Hughes Properties, Inc. v. United States

5 Cl. Ct. 641, 54 A.F.T.R.2d (RIA) 5462, 1984 U.S. Claims LEXIS 1379
CourtUnited States Court of Claims
DecidedJune 29, 1984
DocketNo. 594-82T
StatusPublished
Cited by5 cases

This text of 5 Cl. Ct. 641 (Hughes Properties, Inc. v. United States) is published on Counsel Stack Legal Research, covering United States Court of Claims primary law. Counsel Stack provides free access to over 12 million legal documents including statutes, case law, regulations, and constitutions.

Bluebook
Hughes Properties, Inc. v. United States, 5 Cl. Ct. 641, 54 A.F.T.R.2d (RIA) 5462, 1984 U.S. Claims LEXIS 1379 (cc 1984).

Opinion

OPINION

SETO, Judge:

This case is before the court on cross-motions for summary judgment with all relevant facts stipulated. The single issue before the court is whether certain liabilities, assertedly giving rise to the claimed deductions, have been fixed for the purpose of calculating federal income tax. For the reasons set forth below, the court concludes that plaintiffs motion should be granted and defendant’s motion should be denied.

FACTS

Plaintiff, Hughes Properties, Inc., is a Nevada corporation which owns Harolds Club, a gambling casino located in Reno, Nevada. During the fiscal years ending on June 30 in 1973, 1974,1975 and 1977, plaintiff owned and operated progressive slot machines in this gambling casino. A “progressive slot machine,” like other, nonprogressive, slot machines, pays fixed jackpot amounts when specific combinations of symbols appear. Unlike other slot machines, however, a progressive slot machine also has an additional, “guaranteed,” jackpot. This latter jackpot amount is initially set at a given minimum. The machine automatically increases, by a pre-set ratio, the amount of this jackpot as money is gambled on the machine, and displays that amount on a meter on the face of the machine. The amount will increase until the jackpot is won or until a maximum amount (predetermined by the casino) is reached. A “guaranteed” jackpot can be won only when (1) the customer gambles the required (and, usually, the maximum) amount of money and (2) the machine displays the correct combination of symbols.

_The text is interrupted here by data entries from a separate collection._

Lemma holder_descent x w :
  `|Phi (x + w) - Phi x - dotv (G x) w| <= L / (v + 1) * powR (norm2 w) (v + 1).
Proof.
have := holder_taylor (M := L * powR (norm2 w) (v + 1)) v_gt0 (is_derive_line x w) _.
rewrite scale1r scale0r addr0 mulrAC; apply.
move=> t t_gt0 _; rewrite -dotvBl.
apply: le_trans (ler_norm_dotv _ _) _.
have := G_holder x (x + t *: w).
rewrite addrAC subrr add0r (norm2Z _ (ltW t_gt0)) powRM ?norm2_ge0 ?(ltW t_gt0) //.
have p_neq0 : v + 1 != 0 by rewrite gt_eqF // ltr_wpDl // ltW.
rewrite powRD ?(negPf p_neq0) // powRr1 ?norm2_ge0 //.
have := norm2_ge0 w; nra.
Qed.

End Gradient.

Section Subgradient.
Variables (R : realType) (d : nat).
Implicit Types (F : 'rV[R]_d -> R) (x g c : 'rV[R]_d).

Lemma subgradientD F1 F2 x g1 g2 :
  subgradient F1 x g1 -> subgradient F2 x g2 -> subgradient (F1 \+ F2) x (g1 + g2).
Proof. by move=> g1_sub g2_sub y; have := g1_sub y; have := g2_sub y; rewrite /= dotvDl; lra. Qed.

Lemma subgradient_proj_ge0 F x g c :
  subgradient F x g -> F c <= F x -> 0 <= dotv (normalize g) (x - c).
Proof.
move=> g_sub Fc_le; have := g_sub c.
rewrite dotvZl -opprB dotvNr => Fx_le.
by rewrite mulr_ge0 ?invr_ge0 ?norm2_ge0 //; lra.
Qed.

Lemma subgradient_le_proj F x g c :
  subgradient F x g -> F x <= F (c + dotv (normalize g) (x - c) *: normalize g).
Proof.
move=> g_sub; apply: le_trans (g_sub _); rewrite lerDl.
set r := dotv (normalize g) (x - c).
rewrite addrAC dotvDr dotvZr dotv_normalize -opprB dotvNr dotv_normalizel.
by rewrite -/r mulrC addNr.
Qed.
Section Generators.
Variables (R : realType) (I : Type) (lt : I -> I -> Prop).
Hypothesis lt_total : forall a b, lt a b \/ a = b \/ lt b a.
Hypothesis small_segments : forall a, ~ ([set: R] #<= [set b | lt b a])%card.
Variables (th : I -> R) (thi : R -> I).
Hypothesis thiK : cancel thi th.
Hypothesis nonN : nonN_eq_c R.

Definition segment a : set R := th @` [set b | lt b a].

Lemma segment_shift_negligible a c :
  lebesgue_measure.-negligible [set y | `[0, 1]%classic y /\ segment a (y + c)].
Proof.
apply: nonN => [y [] //|le_card]; apply: (@small_segments a).
apply: card_le_trans (card_le_trans le_card _) (card_image_le th _).
apply: card_le_trans (card_image_le (fun z => z - c) (segment a)).
by apply: subset_card_le => y [_ Sy]; exists (y + c) => //; rewrite addrK.
Qed.

Lemma segment_itv01_negligible a :
  lebesgue_measure.-negligible (segment a `&` `[0, 1]%classic).
Proof.
by apply: negligibleS (segment_shift_negligible a 0) => y [Sy y01] /=; rewrite addr0.
Qed.

Lemma exists_notin_segment a : exists2 u, `[0, 1]%classic u & ~ segment a u.
Proof.
apply: contrapT => no_u; apply: itvco01_not_negligible.
apply: negligibleS (segment_itv01_negligible a) => y.
rewrite /= !in_itv /= => /andP[y0 y1]; split; last by rewrite y0 ltW.
by apply: contrapT => nSy; apply: no_u; exists y; rewrite //= in_itv /= y0 ltW.
Qed.

Lemma exists_above_truncn a0 N : exists a, lt a0 a /\ Num.truncn (th a) = N.
Proof.
apply: contrapT => /forallNP not_above; apply: itvco01_not_negligible.
have a0_negl : lebesgue_measure.-negligible [set th a0 - N%:R].
  by exists [set th a0 - N%:R]; split => //; rewrite lebesgue_measure_set1.
apply: negligibleS (negligibleU (segment_shift_negligible a0 N%:R) a0_negl) => y.
rewrite /= in_itv /= => /andP[y0 y1].
have trunc_y : Num.truncn (y + N%:R) = N.
  by apply: truncn_def; apply/andP; split; [lra | rewrite -natr1; lra].
have [a0_lt|[a0_eq|lt_a0]] := lt_total a0 (thi (y + N%:R)).
- by exfalso; apply: (not_above (thi (y + N%:R))); rewrite thiK.
- by right; rewrite a0_eq thiK addrK.
- by left; split; [rewrite in_itv /= y0 ltW | exists (thi (y + N%:R)); rewrite ?thiK].
Qed.

Definition gen (j : R) (a : I) (u : unit_itv R) : R :=
  coef_at j (th a) * \1_(~` segment a) (sval u).

Lemma exists_gen_lookup (w : table) : exists a u, forall j, gen j a u = lookup w j.
Proof.
have [a [_ trunc_a]] := exists_above_truncn (thi 0) (pickle w).
have [u u01 nSu] := exists_notin_segment a.
have u01' : 0 <= u <= 1 by move: u01; rewrite /= in_itv.
exists a, (exist _ u u01') => j.
by rewrite /gen indicE mem_set // mulr1 (coef_at_pickle _ trunc_a).
Qed.

Lemma gen_inj : injective gen.
Proof.
move=> j j' eq_gen; apply: contrapT => neq_jj'.
have t_inj : injective (tnth [tuple j; j']).
  by apply/tuple_uniqP; rewrite /= inE andbT; apply/eqP.
have [w wt] := table_realizes 0 val t_inj.
have [a [u gen_w]] := exists_gen_lookup w.
move: (gen_w j'); rewrite -eq_gen gen_w.
move: (wt ord0) (wt ord_max) => /= -> ->.
by rewrite expr0 expr1 => /eqP; rewrite eq_sym invr_eq1 (eqr_nat R 2 1).
Qed.

Definition support a : set R := `[0, 1]%classic `\` segment a.

Lemma support_itv01D a :
  support a = `[0, 1]%classic `\` (segment a `&` `[0, 1]%classic).
Proof. by rewrite /support setDIr setDv setU0. Qed.

Lemma support_measurable a : measurable (support a : set (lebT R)).
Proof.
have [mN _] := negligible_lebT (segment_itv01_negligible a).
by rewrite support_itv01D; apply: measurableD; [exact: lebT_measurable_itv01 | exact: mN].
Qed.

Lemma leb_support a : leb R (support a) = 1%E.
Proof.
have [mN N0] := negligible_lebT (segment_itv01_negligible a).
rewrite support_itv01D measureD //.
- rewrite setIidr ?subIsetr //.
  change (leb R `[0%R, 1%R]%classic - leb R (segment a `&` `[0%R, 1%R]%classic) = 1)%E.
  by rewrite N0 sube0 leb_itv01.
- exact: lebT_measurable_itv01.
- by change (leb R `[0%R, 1%R]%classic < +oo)%E; rewrite leb_itv01 ltry.
Qed.

Section PolynomialInGenerators.
Variables (n : nat) (t : 'I_n -> R) (P : {mpoly R[n]}).

Definition amplitude a : R := P.@[fun i => coef_at (t i) (th a)].

Lemma peval_gen_segment a u : segment a (sval u) -> peval gen t P a u = P@_0%MM.
Proof.
move=> Su; rewrite /peval -meval_cst0; apply: meval_eq => i.
by rewrite /gen indicE in_setC mem_set // mulr0.
Qed.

During the taxable years in issue, plaintiff operated various types of progressive slot machines. These machines differ as to the number and value of coins that can be gambled by a customer and the number and size of the reels contained within a machine. In addition, some machines have two “guaranteed” jackpots, which alternate in availability with each pull of the handle. Because of the differences in types of machines, the odds of winning a jackpot vary. According to plaintiff’s brief and pretrial submission, the average period between payoffs is approximately 4.5 months.1

In September 1972, the Nevada Gaming Commission promulgated Regulation § 5.1102, which, for the first time, regu[643]*643lates the use of progressive slot machines maintained by licensed casinos. This regulation directs licensed gaming establishments to compile and maintain daily records indicating the “guaranteed” jackpot amounts registered on each machine. The regulation further states that the displayed jackpot amounts cannot be reduced unless the jackpot is either won by a customer, or the slot machine is taken off the casino floor for repairs. In the latter case, a report explaining the reasons for the removal must be filed. See Nevada Gaming Regulation § 5.110(2) (as adopted September 1972).3

Regulation § 5.110 is strictly enforced by the Nevada Gaming Commission (hereinafter “Commission”). See Affidavit of John H. Stratton, former member of Nevada Gaming Control Board, p. 2 at 1f 4. The Commission is authorized by § 463.310 of the Nevada Revised Statutes to impose severe administrative sanctions (including license revocation) upon any casino that wrongfully refuses to pay a winning customer a “guaranteed” jackpot. Hence, once accumulated, a “guaranteed” jackpot cannot be lessened or eliminated except by a payoff.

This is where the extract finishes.